_Task objective_. Report each line of the records below that holds the word "class".
________________
(* Assume the policies $\mathcal S$ and $\emptyset$ are unichain in $\mathcal M$ and that $\mathcal M$ is indexable. Then every Whittle index $\lambda_s$ of $\mathcal M$ satisfies $$-\|r^1-r^0\|_\infty-\tfrac12\,\mathrm{sp}(r^1)D(P^1)\|P^1-P^0\|_\infty\ \le\ \lambda_s\ \le\ \|r^1-r^0\|_\infty+\tfrac12\,\mathrm{sp}(r^0)D(P^0)\|P^1-P^0\|_\infty.$$
   Context: Setting. An MDP is $\mathcal M=(\mathcal S,\{0,1\},(P^a)_a,(r^a)_a)$, finite $\mathcal S$, row-stochastic $P^0,P^1$, rewards $r^0,r^1\in\mathbb R^{\mathcal S}$. A policy is a subset $\pi\subseteq\mathcal S$ of states where action 1 is played, inducing $P^\pi$, $r^\pi$; $\mathcal M$ is unichain if every $P^\pi$ has a single recurrent class. For $\lambda\in\mathbb R$, $\mathcal M(\lambda)$ has the same transitions and rewards $r^1-\lambda\mathbf 1$ (action 1), $r^0$ (action 0). For a unichain policy, bias $b^\pi(\lambda)$ solves $g^\pi\mathbf 1+b^\pi=r^\pi+P^\pi b^\pi$; activation advantage $\alpha^\pi_s(\lambda)=r^1_s-\lambda-r^0_s+(P^1_{s,\cdot}-P^0_{s,\cdot})\cdot b^\pi(\lambda)$. A policy is BO (bias optimal) in $\mathcal M(\lambda)$ if gain optimal and bias-maximal among gain-optimal policies; for unichain MDPs $\pi$ is BO iff $\alpha^\pi_s(\lambda)\ge0$ for $s\in\pi$ and $\le0$ for $s\notin\pi$. The optimal activation advantage $\alpha^*_s(\lambda)$ is $\alpha^\pi_s(\lambda)$ for any BO policy $\pi$ of $\mathcal M(\lambda)$. $\mathcal M$ is indexable if for every $s$ there is $\lambda_s$ (Whittle index) with $\alpha^*_s(\lambda)>0$ for $\lambda<\lambda_s$ and $\alpha^*_s(\lambda)<0$ for $\lambda>\lambda_s$. $\mathrm{sp}(v)=\max v-\min v$; $\|v\|_\infty=\max_s|v_s|$; $\|A\|_\infty=\max_s\sum_{s'}|A_{s,s'}|$. Diameter of a unichain $P$ with recurrent class $\mathcal S_r$: $D(P)=\max_{s\in\mathcal S,s'\in\mathcal S_r}\mathbb E^P[\tau_{s,s'}]$ (expected hitting time). *)

From HB Require Import structures.
From mathcomp Require Import all_boot all_order all_algebra.
From mathcomp Require Import reals topology normedtype sequences.
Set Implicit Arguments. Unset Strict Implicit. Unset Printing Implicit Defensive.
Import Order.TTheory GRing.Theory Num.Theory numFieldNormedType.Exports.
Local Open Scope ring_scope.

(* State space: 'I_n.+1 (a nonempty finite set). Vectors: 'I_n.+1 -> R.
   Transition matrices: 'M[R]_n.+1.  Policies: finite sets {set 'I_n.+1}
   of states where action 1 is played. *)

Section Defs.
Variables (R : realType) (n : nat).
Notation S := 'I_n.+1.
Notation vec := (S -> R).
Notation mx := 'M[R]_n.+1.

Definition stochastic (P : mx) : Prop :=
  (forall i j, 0 <= P i j) /\ (forall i, \sum_j P i j = 1).

Definition mxv (P : mx) (v : vec) : vec := fun i => \sum_j P i j * v j.

Definition edge (P : mx) : rel S := fun i j => 0 < P i j.
Definition accessible (P : mx) (i j : S) : bool := connect (edge P) i j.
Definition recurrent (P : mx) (i : S) : bool :=
  [forall j, accessible P i j ==> accessible P j i].
(* exactly one recurrent class: recurrent states exist and all communicate *)
Definition unichain (P : mx) : Prop :=
  (exists i, recurrent P i) /\
  (forall i j, recurrent P i -> recurrent P j -> accessible P i j).

Definition pol_mx (P0 P1 : mx) (pi : {set S}) : mx :=
  \matrix_(i, j) (if i \in pi then P1 i j else P0 i j).
Definition pol_rew (r0 r1 : vec) (lam : R) (pi : {set S}) : vec :=
  fun i => if i \in pi then r1 i - lam else r0 i.

Definition gain (P : mx) (r : vec) : vec := fun i =>
  limn (fun N : nat => N.+1%:R^-1 * \sum_(t < N.+1) mxv (P ^+ t) r i).
(* bias h = C-lim_N sum_{t<N} (P^t - P^* ) r  (Puterman, Sec. 8.2) *)
Definition bias (P : mx) (r : vec) : vec := fun i =>
  limn (fun N : nat => N.+1%:R^-1 *
    \sum_(m < N.+1) \sum_(t < m.+1) (mxv (P ^+ t) r i - gain P r i)).

Section MDP.
Variables (P0 P1 : mx) (r0 r1 : vec).

Definition pgain (lam : R) (pi : {set S}) : vec :=
  gain (pol_mx P0 P1 pi) (pol_rew r0 r1 lam pi).
Definition pbias (lam : R) (pi : {set S}) : vec :=
  bias (pol_mx P0 P1 pi) (pol_rew r0 r1 lam pi).

Definition gain_optimal (lam : R) (pi : {set S}) : Prop :=
  forall pi' s, pgain lam pi' s <= pgain lam pi s.
Definition bias_optimal (lam : R) (pi : {set S}) : Prop :=
  gain_optimal lam pi /\
  forall pi', gain_optimal lam pi' -> forall s, pbias lam pi' s <= pbias lam pi s.

Definition act_adv (lam : R) (pi : {set S}) (s : S) : R :=
  r1 s - lam - r0 s + \sum_j (P1 s j - P0 s j) * pbias lam pi j.

(* lam_s is a Whittle index of s: the optimal activation advantage
   alpha^*_s(lam) (= alpha^pi_s(lam) for any BO policy pi of M(lam)) is > 0
   for lam < lam_s and < 0 for lam > lam_s. *)
Definition whittle_index (s : S) (lam_s : R) : Prop :=
  (forall lam, lam < lam_s -> forall pi, bias_optimal lam pi -> 0 < act_adv lam pi s) /\
  (forall lam, lam_s < lam -> forall pi, bias_optimal lam pi -> act_adv lam pi s < 0).

Definition indexable : Prop := forall s, exists lam_s, whittle_index s lam_s.

End MDP.

Definition sp (v : vec) : R :=
  \big[Num.max/v ord0]_s v s - \big[Num.min/v ord0]_s v s.
Definition normv (v : vec) : R := \big[Num.max/0]_s `|v s|.
Definition normm (A : mx) : R := \big[Num.max/0]_i \sum_j `|A i j|.

(* tau_{s,s'} = min {t >= 0 : X_t = s'} for the chain P started at X_0 = s.
   Taboo matrix: transitions avoiding s'. *)
Definition taboo (P : mx) (s' : S) : mx :=
  \matrix_(i, j) (if j == s' then 0 else P i j).
(* Pr_s(tau_{s,s'} = t) *)
Definition hit_prob (P : mx) (s s' : S) (t : nat) : R :=
  match t with
  | 0 => (s == s')%:R
  | t'.+1 => (s != s')%:R * ((taboo P s' ^+ t') *m P) s s'
  end.
Definition exp_hit (P : mx) (s s' : S) : R :=
  limn (fun N : nat => \sum_(t < N) (t%:R * hit_prob P s s' t)).
Definition diam (P : mx) : R :=
  \big[Num.max/0]_s \big[Num.max/0]_(s' | recurrent P s') exp_hit P s s'.

End Defs.

(* For [lam] below the lower bound, the all-active policy has a strictly
   positive activation advantage at every state.  Indeed the advantage differs
   from [r1 s - lam - r0 s] by [(P1 - P0)_s . b], which is at most
   [|P1 - P0| sp(b) / 2] because both rows sum to [1]; and [sp(b) <= sp(r1) D(P1)],
   since the bias relative to a recurrent state [x] is the reward (minus the
   gain) collected before hitting [x], whose expected duration is at most
   [D(P1)].  A policy whose advantages have the strict signs prescribed by its
   own action set is bias optimal: any other policy loses [|advantage|] at the
   states where it deviates, which lowers its gain or, at equal gain, its bias.
   So the all-active policy is bias optimal with positive advantage at [s], and
   [lam] cannot exceed the Whittle index.  The upper bound is symmetric, with
   the all-passive policy.  Gain and bias, defined as Cesaro limits, are
   computed by splitting a reward into a [P]-invariant part and a part
   [w - P w]. *)

From HB Require Import structures.
From mathcomp Require Import all_boot all_order all_algebra.
From mathcomp Require Import reals topology normedtype sequences.
From mathcomp Require Import boolp.
From mathcomp Require Import ring lra.
Import Order.TTheory GRing.Theory Num.Theory numFieldNormedType.Exports.
Local Open Scope ring_scope.
Set Implicit Arguments. Unset Strict Implicit. Unset Printing Implicit Defensive.

Section MatrixAction.
Variables (R : realType) (n : nat).
Notation S := 'I_n.+1.
Notation vec := (S -> R).
Notation mx := 'M[R]_n.+1.
Implicit Types (P A B : mx) (u v w : vec).

Definition nonneg_mx A := forall i j, 0 <= A i j.

Lemma eq_mxv P u v i : (forall j, u j = v j) -> mxv P u i = mxv P v i.
Proof. by move=> uv; apply: eq_bigr => j _; rewrite uv. Qed.

Lemma mxvD P u v i : mxv P (fun j => u j + v j) i = mxv P u i + mxv P v i.
Proof. by rewrite /mxv -big_split; apply: eq_bigr => j _; rewrite mulrDr. Qed.

Lemma mxvB P u v i : mxv P (fun j => u j - v j) i = mxv P u i - mxv P v i.
Proof. by rewrite /mxv -sumrB; apply: eq_bigr => j _; rewrite mulrBr. Qed.

Lemma mxvZ P c u i : mxv P (fun j => c * u j) i = c * mxv P u i.
Proof. by rewrite /mxv mulr_sumr; apply: eq_bigr => j _; rewrite mulrCA. Qed.

Lemma mxv0 P i : mxv P (fun _ => 0) i = 0.
Proof. by rewrite /mxv big1 // => j _; rewrite mulr0. Qed.

Lemma mxvM A B v i : mxv (A * B) v i = mxv A (mxv B v) i.
Proof.
rewrite /mxv; under eq_bigr do rewrite -mulmxE mxE mulr_suml.
rewrite exchange_big /=; apply: eq_bigr => k _; rewrite mulr_sumr.
by apply: eq_bigr => j _; rewrite mulrA.
Qed.

Lemma mxv1 v i : mxv 1 v i = v i.
Proof.
rewrite /mxv (bigD1 i) //= big1 ?addr0; first by rewrite mxE eqxx mul1r.
by move=> j /negPf ji; rewrite mxE eq_sym ji mul0r.
Qed.

Lemma mxvXS P t v i : mxv (P ^+ t.+1) v i = mxv P (mxv (P ^+ t) v) i.
Proof. by rewrite exprS mxvM. Qed.

Lemma mxvXSr P t v i : mxv (P ^+ t.+1) v i = mxv (P ^+ t) (mxv P v) i.
Proof. by rewrite exprSr mxvM. Qed.

Lemma ler_mxv A u v i : nonneg_mx A -> (forall j, u j <= v j) ->
  mxv A u i <= mxv A v i.
Proof. by move=> A0 uv; apply: ler_sum => j _; rewrite ler_wpM2l. Qed.

Lemma mxv_ge0 A v i : nonneg_mx A -> (forall j, 0 <= v j) -> 0 <= mxv A v i.
Proof. by move=> A0 v0; apply: sumr_ge0 => j _; apply: mulr_ge0. Qed.

Lemma nonneg_mxX A t : nonneg_mx A -> nonneg_mx (A ^+ t).
Proof.
move=> A0; elim: t => [|t IH] i j; first by rewrite expr0 mxE ler0n.
by rewrite exprS -mulmxE mxE sumr_ge0 // => l _; rewrite mulr_ge0.
Qed.

Lemma stochastic_nonneg P : stochastic P -> nonneg_mx P.
Proof. by case. Qed.

Lemma stochasticM A B : stochastic A -> stochastic B -> stochastic (A * B).
Proof.
move=> [A0 A1] [B0 B1]; split.
  by move=> i j; rewrite -mulmxE mxE sumr_ge0 // => k _; rewrite mulr_ge0.
move=> i; under eq_bigr do rewrite -mulmxE mxE.
rewrite exchange_big /= -[RHS](A1 i); apply: eq_bigr => k _.
by rewrite -mulr_sumr B1 mulr1.
Qed.

Lemma stochastic1 : stochastic (1 : mx).
Proof.
split; first by move=> i j; rewrite mxE ler0n.
move=> i; rewrite (bigD1 i) //= big1 ?addr0; first by rewrite mxE eqxx.
by move=> j /negPf ji; rewrite mxE eq_sym ji.
Qed.

Lemma stochasticX P t : stochastic P -> stochastic (P ^+ t).
Proof.
move=> sP; elim: t => [|t IH]; first exact: stochastic1.
by rewrite exprS; apply: stochasticM.
Qed.

Lemma mxv_cst P c i : stochastic P -> mxv P (fun _ => c) i = c.
Proof. by move=> [_ P1]; rewrite /mxv -mulr_suml P1 mul1r. Qed.

Lemma norm_mxv_le P v M i : stochastic P -> (forall j, `|v j| <= M) ->
  `|mxv P v i| <= M.
Proof.
move=> sP vM; have P0 := stochastic_nonneg sP.
rewrite ler_norml; apply/andP; split.
  rewrite -[X in X <= _](mxv_cst (- M) i sP); apply: ler_mxv => // j.
  by rewrite lerNl; apply: le_trans (vM j); rewrite -normrN ler_norm.
rewrite -[X in _ <= X](mxv_cst M i sP); apply: ler_mxv => // j.
by apply: le_trans (vM j); apply: ler_norm.
Qed.

Lemma norm_le_sum_norm v i : `|v i| <= \sum_j `|v j|.
Proof. by rewrite (bigD1 i) //= lerDl sumr_ge0. Qed.

Lemma norm_subr_mxvX_le P w t i : stochastic P ->
  `|w i - mxv (P ^+ t) w i| <= \sum_j `|w j| + \sum_j `|w j|.
Proof.
move=> sP; apply: le_trans (ler_normB _ _) _.
apply: lerD; first exact: norm_le_sum_norm.
by apply: norm_mxv_le; [exact: stochasticX | exact: norm_le_sum_norm].
Qed.

End MatrixAction.

Section FixedRangeDecomposition.
Variables (R : realType) (n : nat).
Notation S := 'I_n.+1.
Notation vec := (S -> R).
Notation mx := 'M[R]_n.+1.
Implicit Types (P : mx) (u v w z : vec).

Lemma mxvX_drift P u z t i : stochastic P -> (forall j, mxv P u j = u j) ->
  (forall j, u j = z j - mxv P z j) -> mxv (P ^+ t) z i = z i - t%:R * u i.
Proof.
move=> sP Pu uz; elim: t i => [|t IH] i; first by rewrite expr0 mxv1 mul0r subr0.
by rewrite mxvXS (eq_mxv _ _ IH) mxvB mxvZ Pu uz mulrSr; ring.
Qed.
________________
_Solution to the exercise_.
   Context: Setting. An MDP is $\mathcal M=(\mathcal S,\{0,1\},(P^a)_a,(r^a)_a)$, finite $\mathcal S$, row-stochastic $P^0,P^1$, rewards $r^0,r^1\in\mathbb R^{\mathcal S}$. A policy is a subset $\pi\subseteq\mathcal S$ of states where action 1 is played, inducing $P^\pi$, $r^\pi$; $\mathcal M$ is unichain if every $P^\pi$ has a single recurrent class. For $\lambda\in\mathbb R$, $\mathcal M(\lambda)$ has the same transitions and rewards $r^1-\lambda\mathbf 1$ (action 1), $r^0$ (action 0). For a unichain policy, bias $b^\pi(\lambda)$ solves $g^\pi\mathbf 1+b^\pi=r^\pi+P^\pi b^\pi$; activation advantage $\alpha^\pi_s(\lambda)=r^1_s-\lambda-r^0_s+(P^1_{s,\cdot}-P^0_{s,\cdot})\cdot b^\pi(\lambda)$. A policy is BO (bias optimal) in $\mathcal M(\lambda)$ if gain optimal and bias-maximal among gain-optimal policies; for unichain MDPs $\pi$ is BO iff $\alpha^\pi_s(\lambda)\ge0$ for $s\in\pi$ and $\le0$ for $s\notin\pi$. The optimal activation advantage $\alpha^*_s(\lambda)$ is $\alpha^\pi_s(\lambda)$ for any BO policy $\pi$ of $\mathcal M(\lambda)$. $\mathcal M$ is indexable if for every $s$ there is $\lambda_s$ (Whittle index) with $\alpha^*_s(\lambda)>0$ for $\lambda<\lambda_s$ and $\alpha^*_s(\lambda)<0$ for $\lambda>\lambda_s$. $\mathrm{sp}(v)=\max v-\min v$; $\|v\|_\infty=\max_s|v_s|$; $\|A\|_\infty=\max_s\sum_{s'}|A_{s,s'}|$. Diameter of a unichain $P$ with recurrent class $\mathcal S_r$: $D(P)=\max_{s\in\mathcal S,s'\in\mathcal S_r}\mathbb E^P[\tau_{s,s'}]$ (expected hitting time). *)
(* exactly one recurrent class: recurrent states exist and all communicate *)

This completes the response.